You're welcome.  Glad I could help.


----------



## Joshatdot (Jul 10, 2010)

The marbling (the little white stuff) in cut meat gives it its flavor & juiciness.  Less marbling is a leaner meat, and won't taste as good, IMHO.

Nice






Lean





As Andy M. said, in ground beef the fat & meat are all mashed and ground up.  Higher % fat = juicy & flavorful burgers, lean(er) % fat = not quite as juicy & less flavorful burgers.


edit: I learned alot from Alton Brown on 'Good Eats'.  I recommend you check out the 1st episode: Steak Your Claim

YouTube - Good Eats S1E1P1: Steak Your Claim

YouTube - Good Eats S1E1P2: Steak Your Claim


----------



## DaveSoMD (Jul 10, 2010)

Steak Your Claim....GREAT episode!!!!


----------



## Detroit Remedy (Aug 19, 2010)

Ive been practicing burgers for weeks now...iam in a contest for anything tailgate...stinks because i have 2 different recipes that are great and now i gotta deicide which one to use..
I tried to different techniques...both work great...
#1 i buy chuck steak and eye round steak cut into 1 inch cubes freeze them for 10-15 minutes,then put in a food processor and pulse 10 times divide the ground meat up on a cookie sheet and barely press into patties add salt and pepper..these are made loose dont press them down tight at all just lightly form them,these cook in 4 minutes in a pan on high heat,flip put con queso cheese on and they are done in 2 minutes..Buns are grilled with garlic butter...then the burger is topped wih sliced jalapenos,grilled tomatoes and crushed doritos.....lil sour cream too on top bun... 
its a grilling contest so i will have to figure out how o grill these bad boys fast so they dont fall apart...you can see the steam coming up through the burger cooking it all nice because they are loose,but on a grill not too sure...maybe i can put them on a veggie pan that goes on the grill....?

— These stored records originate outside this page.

Theorem lemmaD4 (R : realType) (d m n b : nat)
  (X : set 'rV[R]_m) (D : R)
  (f : 'rV[R]_d -> 'rV[R]_m -> R) (gradf : 'rV[R]_d -> 'rV[R]_m -> 'rV[R]_d)
  (K1 K2 : R) (mu_xi : probability 'rV[R]_d R) (p : 'rV[R]_d -> R) (sigma2 : R)
  (x xh : 'I_n -> 'rV[R]_m) (eta psi : R)
  (P Ph : 'rV[R]_d -> probability 'rV[R]_d R)
  (theta_s theta_hs : 'rV[R]_d) :
  (* X bounded *)
  (forall z, X z -> enorm z <= D) ->
  (* f differentiable in theta, with gradient gradf *)
  (forall z theta, X z -> differentiable (fun t => f t z) theta /\
     forall v, 'D_v (fun t => f t z) theta = dotv (gradf theta z) v) ->
  (* (A1) *)
  0 < K1 -> 0 < K2 ->
  (forall theta thetah z zh, X z -> X zh ->
     enorm (gradf theta z - gradf thetah zh) <=
       K1 * enorm (theta - thetah) +
       K2 * enorm (z - zh) * (enorm theta + enorm thetah + 1)) ->
  (* (N) *)
  continuous p -> (forall v, 0 < p v) -> has_lebesgue_density mu_xi p ->
  (forall i : 'I_d, mu_xi.-integrable setT (fun v => (v ord0 i)%:E) /\
     (\int[mu_xi]_v (v ord0 i)%:E = 0)%E) ->
  (\int[mu_xi]_v ((enorm v) ^+ 2)%:E)%E = sigma2%:E ->
  (* datasets differing in at most one index *)
  (forall i, X (x i)) -> (forall i, X (xh i)) ->
  (exists i0 : 'I_n, forall i, i != i0 -> x i = xh i) ->
  (0 < b)%N -> (b <= n)%N -> 0 < eta ->
  is_sgd_kernel mu_xi (fun theta i => gradf theta (x i)) eta b P ->
  is_sgd_kernel mu_xi (fun theta i => gradf theta (xh i)) eta b Ph ->
  (* minimizers of the empirical risks *)
  (forall theta, n%:R^-1 * (\sum_i f theta_s (x i)) <=
                 n%:R^-1 * (\sum_i f theta (x i))) ->
  (forall theta, n%:R^-1 * (\sum_i f theta_hs (xh i)) <=
                 n%:R^-1 * (\sum_i f theta (xh i))) ->
  0 < psi ->
  let V := fun theta => 1 + enorm (theta - theta_s) ^+ 2 in
  let Vh := fun theta => 1 + enorm (theta - theta_hs) ^+ 2 in
  let dpsi := tv_weighted (fun theta => 1 + psi * V theta) in
  let c := 4 + 8 * eta ^+ 2 * K1 ^+ 2 in
  let G := sup [set enorm (gradf theta_s z) ^+ 2 | z in X] in
  (ereal_sup [set (dpsi (P theta) (Ph theta) * ((Vh theta)^-1)%:E)%E
              | theta in [set: 'rV[R]_d]]
   <= ((2 * b%:R / n%:R) *
       Num.max (psi * c)
         (1 + psi * (1 + eta ^+ 2 * sigma2 + c * enorm (theta_s - theta_hs) ^+ 2
                     + 4 * eta ^+ 2 * G)))%:E)%E.

Proof.
move=> XD _ _ K2_gt0 gradf_lip _ _ _ mean0 second_moment Xx Xxh [i0 same_off_i0] b_gt0 bn _
  hP hPh _ _ psi_gt0; cbv zeta.
set c := 4 + _; set G := sup _; set M := Num.max _ _.
have G_ub z : X z -> enorm (gradf theta_s z) ^+ 2 <= G.
  move=> Xz; apply: ub_le_sup; last by exists z.
  exact: (has_ubound_sqr_grad (ltW K2_gt0) gradf_lip _ (Xx i0) XD).
have [M_ge1 M_ge2] : psi * c <= M /\ 1 + psi * (1 + eta ^+ 2 * sigma2 +
    c * enorm (theta_s - theta_hs) ^+ 2 + 4 * eta ^+ 2 * G) <= M.
  by rewrite !le_max !lexx orbT.
apply: ub_ereal_sup => _ [t _ <-].
pose w v := 1 + psi * (1 + enorm (v - theta_s) ^+ 2).
set Vt := 1 + enorm (t - theta_hs) ^+ 2.
have mw : measurable_fun setT w := measurable_lyapunov_weight psi theta_s.
have w_ge0 v : 0 <= w v.
  by have := exprn_ge0 2 (enorm_ge0 (v - theta_s)); rewrite /w; nra.
have lyap z : (forall i, X (z i)) -> forall S : {set 'I_n}, #|S| = b ->
    (\int[mu_xi]_v (w (sgd_step (fun th i => gradf th (z i)) eta b S t v))%:E
     <= (M * Vt)%:E)%E.
  move=> Xz S Sb.
  exact: (integral_lyapunov_sgd_step_le mean0 second_moment gradf_lip t Xz Sb b_gt0 G_ub
    (ltW psi_gt0) M_ge1 M_ge2).
have same_grad th j : j != i0 -> gradf th (x j) = gradf th (xh j).
  by move=> /same_off_i0 ->.
have := tv_weighted_sgd_kernels_le hP hPh same_grad bn mw w_ge0 (lyap _ Xx) (lyap _ Xxh).
have Vt_gt0 : 0 < Vt by rewrite ltr_pwDl // exprn_ge0 // enorm_ge0.
have Vt_inv_ge0 : (0 <= (Vt^-1)%:E)%E by rewrite lee_fin invr_ge0 ltW.
move=> /(lee_wpmul2r Vt_inv_ge0) /le_trans; apply.
by rewrite -EFinM mulrA mulfK ?gt_eqF.
Qed.
Lemma in_B_mul_indic {Omega : Type} (M : setOm Omega -> Prop) (f : Omega -> R) F :
  is_field M -> M F -> in_B M f -> in_B M (fun w => f w * indic F w).
Proof.
  intros HM hF H eps he; destruct (H eps he) as (s & hs & Hf).
  exists (restrict F s); split; [apply simple_in_restrict; auto|].
  intro w; rewrite simple_eval_restrict.
  replace (f w * indic F w - simple_eval s w * indic F w)
    with ((f w - simple_eval s w) * indic F w) by ring.
  rewrite Rabs_mult; specialize (Hf w).
  destruct (classic (F w)); [rewrite indic_in | rewrite indic_notin]; auto;
    rewrite ?Rabs_R1, ?Rabs_R0; lra.
Qed.

Section TypeSpace.
Context {Omega : Type} {A M : setOm Omega -> Prop} {t : Omega -> setOm Omega -> R}.
Hypothesis HA : is_field A.
Hypothesis HM : is_field M.
Hypothesis HMA : forall E, M E -> A E.
Hypothesis Ht : forall w, pba A (t w).
Hypothesis Htm : forall E w, M E -> E w -> t w E = 1.

Lemma type_indic G w : M G -> t w G = indic G w.
Proof.
  intros hG. destruct (classic (G w)) as [h|h].
  - rewrite indic_in by auto; auto.
  - rewrite indic_notin by auto.
    pose proof (Htm (compl G) w (field_compl HM _ hG) h).
    pose proof (charge_split HA (Ht w) fullset G (field_fullset HA) (HMA G hG)) as e.
    rewrite (charge_fullset (Ht w)), !inter_fullset_l in e.
    lra.
Qed.
(* Assume Hypothesis C. Let $L$ be a labeling and $\pi$ the priority rule keyed to $L$. Let $\tilde q(\cdot,\cdot)$ and $\tilde r(\cdot)$ be the finalized data obtained by running the Triangularizer on every bandit in accord with $L$, and define the $S\times S$ matrix $\tilde Q^{\pi}$ and the vector $\tilde R^{\pi}$ by $\tilde Q^{\pi}(s,t)=\tilde q(s_{\pi(s)},j)$ if $t=s_{\setminus\pi(s)}\cup\{j\}$ for some $j\in N_{\pi(s)}$ and $\tilde Q^{\pi}(s,t)=0$ otherwise, and $\tilde R^{\pi}(s)=\tilde r(s_{\pi(s)})$. Then $I-\tilde Q^{\pi}$ is invertible, and $\tilde V^{\pi}:=(I-\tilde Q^{\pi})^{-1}\tilde R^{\pi}$, the unique solution of $\tilde V^{\pi}=\tilde R^{\pi}+\tilde Q^{\pi}\tilde V^{\pi}$, satisfies $\tilde V^{\pi}=V^{\pi}$.
   Context: There are $K$ bandits with pairwise disjoint finite nonempty state sets $N_1,\dots,N_K$; $N=N_1\cup\dots\cup N_K$; $b(j)$ is the $k$ with $j\in N_k$. Bandit $k$ has real transition rates $q(i,j)$ ($i,j\in N_k$) forming $q^k$ and real rewards $r(i)$ forming $r^k$. A multi-state $s$ contains exactly one state $s_k$ of each $N_k$; $S$ is the set of multi-states; $s_{\setminus k}=s\setminus\{s_k\}$. A stationary nonrandomized policy is a map $\delta:S\to\{1,\dots,K\}$. For such $\delta$, $Q^{\delta}(s,t)=q(s_{\delta(s)},j)$ if $t=s_{\setminus\delta(s)}\cup\{j\}$ with $j\in N_{\delta(s)}$, else $0$; $R^{\delta}(s)=r(s_{\delta(s)})$; $V^{\delta}=(I-Q^{\delta})^{-1}R^{\delta}$. A matrix is transient if its powers tend to $0$ entrywise. Hypothesis C: each $q^k$ is entrywise nonnegative and transient, and at least one of the following holds: (RN) each $q^k$ is substochastic ($\sum_{j\in N_k}q(i,j)\le1$); (RA) $r(i)\le0$ for all $i\in N$; (RS) $r(i)\ge0$ for all $i\in N$. (Under Hypothesis C each $Q^{\delta}$ is transient, so $V^{\delta}$ is well defined.) A labeling is an injective map $L:N\cup\{0\}\to\{1,\dots,|N|+1\}$ with $L(0)=|N|+1$; the priority rule keyed to $L$ is $\pi(s)=\arg\min\{L(s_k):1\le k\le K\}$. Triangularizer for bandit $k$ in accord with $L$: start with the tableau $[(I-q^k),r^k]$ and $M=N_k$; at each stage write the current tableau as $[(I-q),r]$. While $M\neq\emptyset$: let $i\in M$ minimize $L(i)$; multiply row $i$ by $1/[1-q(i,i)]$; for each $j\in M\setminus\{i\}$ replace row $j$ by itself plus $q(j,i)$ (current value) times the updated row $i$; remove $i$ from $M$. The final tableau is written $[(I-\tilde q^k),\tilde r^k]$; its entries are the finalized data $\tilde q(i,j)$, $\tilde r(i)$. *)

(* Scalars: any archimedean ordered field (covers the reals). *)
From HB Require Import structures.
From mathcomp Require Import all_boot all_order all_algebra.
Set Implicit Arguments. Unset Strict Implicit. Unset Printing Implicit Defensive.
Import Order.TTheory GRing.Theory Num.Theory.
Local Open Scope ring_scope.

Section Bandits.
Variable R : archiRealFieldType.

Definition transient (n : nat) (A : 'M[R]_n) : Prop :=
  forall (i j : 'I_n) (eps : R), 0 < eps ->
    exists N0 : nat, forall m : nat, (N0 <= m)%N -> `|(A ^+ m) i j| < eps.

Variable T : finType.

Definition restr_mx (D : {set T}) (q : T -> T -> R) : 'M[R]_#|D| :=
  \matrix_(a, c) q (enum_val (A := mem D) a) (enum_val (A := mem D) c).

(* State: (M, A, r) where [A, r] is the current tableau [(I - q), r].   *)
Definition tri_stage (L : T -> nat)
    (st : {set T} * (T -> T -> R) * (T -> R)) :
    {set T} * (T -> T -> R) * (T -> R) :=
  let: (M, A, r) := st in
  match [pick i in M | [forall j in M, (L i <= L j)%N]] with
  | None => st
  | Some i =>
      let c := A i i in                      (* = 1 - q(i,i) *)
      let Ai := fun x => A i x / c in
      let ri := r i / c in
      (* for j <> i, the current q(j,i) equals - A j i *)
      let A' := fun j x => if j == i then Ai x
                 else if j \in M then A j x + (- A j i) * Ai x else A j x in
      let r' := fun j => if j == i then ri
                 else if j \in M then r j + (- A j i) * ri else r j in
      (M :\ i, A', r')
  end.

(* Run the triangularizer on the state set D with data q, r, labels L.
   Returns the final tableau [(I - qt), rt] (entries meaningful on D). *)
Definition triangularize (L : T -> nat) (D : {set T})
    (q : T -> T -> R) (r : T -> R) : (T -> T -> R) * (T -> R) :=
  let A0 := fun x y => (x == y)%:R - q x y in
  let: (_, A, rv) := iter #|D| (tri_stage L) (D, A0, r) in (A, rv).

End Bandits.

Section Multi.
Variable R : archiRealFieldType.
Variables (K : nat) (N : finType) (b : N -> 'I_K).

Definition bandit_states (k : 'I_K) : {set N} := [set i | b i == k].

Definition multistates : {set {ffun 'I_K -> N}} :=
  [set s : {ffun 'I_K -> N} | [forall k, b (s k) == k]].

Notation msv a := (enum_val (A := mem multistates) a).

Definition polQ (qf : N -> N -> R) (delta : {ffun 'I_K -> N} -> 'I_K) :
    'M[R]_#|multistates| :=
  \matrix_(a, c)
    let s := msv a in let t := msv c in let k := delta s in
    if [forall k', (k' != k) ==> (t k' == s k')] then qf (s k) (t k) else 0.

Definition polR (rf : N -> R) (delta : {ffun 'I_K -> N} -> 'I_K) :
    'cV[R]_#|multistates| :=
  \col_a rf (msv a (delta (msv a))).

Definition polV (qf : N -> N -> R) (rf : N -> R)
    (delta : {ffun 'I_K -> N} -> 'I_K) : 'cV[R]_#|multistates| :=
  invmx (1%:M - polQ qf delta) *m polR rf delta.

(* labeling: injective L : N u {0} -> {1..|N|+1}, L(0) = |N|+1;
   0 is encoded as None *)
Definition labeling (L : option N -> nat) : Prop :=
  injective L /\ (forall x, (1 <= L x <= #|N|.+1)%N) /\ L None = #|N|.+1.

(* priority rule keyed to L (k0 is only a default needed by arg min) *)
Definition priority (L : option N -> nat) (k0 : 'I_K)
    (s : {ffun 'I_K -> N}) : 'I_K :=
  [arg min_(k < k0) L (Some (s k))]%N.

Definition fin_q (L : option N -> nat) (q : N -> N -> R) (r : N -> R)
    (i j : N) : R :=
  (i == j)%:R -
  (triangularize (fun x => L (Some x)) (bandit_states (b i)) q r).1 i j.

Definition fin_r (L : option N -> nat) (q : N -> N -> R) (r : N -> R)
    (i : N) : R :=
  (triangularize (fun x => L (Some x)) (bandit_states (b i)) q r).2 i.

Definition hypC (q : N -> N -> R) (r : N -> R) : Prop :=
  (forall i j, b i = b j -> 0 <= q i j) /\
  (forall k, transient (restr_mx (bandit_states k) q)) /\
  ( (forall i, \sum_(j | b j == b i) q i j <= 1)
    \/ (forall i, r i <= 0)
    \/ (forall i, 0 <= r i) ).

End Multi.

From HB Require Import structures.
From mathcomp Require Import all_boot all_order all_algebra.
From mathcomp Require Import ring lra zify.
Set Implicit Arguments. Unset Strict Implicit. Unset Printing Implicit Defensive.
Import Order.TTheory GRing.Theory Num.Theory.
Local Open Scope ring_scope.

(* Two invertibility criteria for [I - Q]: a positive vector [U] with
      [Q U < U] (Q nonnegative), or a potential strictly decreasing along
      the nonzero entries of Q.
   2. A nonnegative transient kernel admits such weights; gluing them over
      the bandits, the product weight makes every [I - Q^delta] invertible.
   3. Along the Triangularizer the tableau stays weighted diagonally dominant,
      so pivots are positive and the final tableau is unit upper-triangular
      in label order: the finalized kernel only moves to larger labels, and
      [\sum_k (Lmax - L (s k))] is a potential for [\tilde Q^pi].
   4. Row operations preserve the rows of label at most a threshold.  For a
      multi-state s with active bandit k, moving k to any state of label at
      most L (s k) keeps k active, so V^pi solves those bandit rows; hence it
      solves the finalized row, i.e. [V^pi = \tilde R^pi + \tilde Q^pi V^pi],
      and [\tilde V^pi = V^pi] by uniqueness. *)

Lemma unitmx_of_trivial_kernel (F : fieldType) n (A : 'M[F]_n) :
  (forall w : 'cV_n, A *m w = 0 -> w = 0) -> A \in unitmx.
Proof.
move=> ker0; rewrite -unitmx_tr -row_free_unit; apply: inj_row_free => v vA0.
have : A *m v^T = 0 by rewrite -(trmxK A) -trmx_mul vA0 trmx0.
by move/ker0/(congr1 trmx); rewrite trmxK trmx0.
Qed.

#these are allready ground....1lb chuck. 1/2 lb sirlion angus and 1/4 round...
season with steak seasoning....i break the meat up best i can,these are packed just a lil more because on the grill we dont want them to fall apart...i put them in the fridge for a day...they say salt extracts the moisture...yes it does but because its a day,it extracts the moisture and seasoning but then draws it right back in and tenderizes it...iam telling you they are so juicy....i tried both ways season before cooking and season 1 day before....big difference...
then in a pan i cook really small pieces of onion,cubanelle and jalapeno deveind and seeded....once done throw in some bbq sauce and cooked crumbled bacon and let simmer until its nice and yummy...
toasted garlic sour dough buns.. 
grill the burgers when done top them with boars head roasted garlic cheese...
put burger on bun top with veggie,bacon bbq sauce.....done and amazing

Salt does draw out moisture over the course of a few hours, but once you let it sit long enough the meat actually reabsorbs the moisture, carrying the salt with it into the heart of the meat. This is Judy Rogers's technique at Zuni in San Francisco.
I would think salting it 24 hours ahead would allow the salt to get into even the tiniest pieces of ground meat.It WORKS I tried it...


----------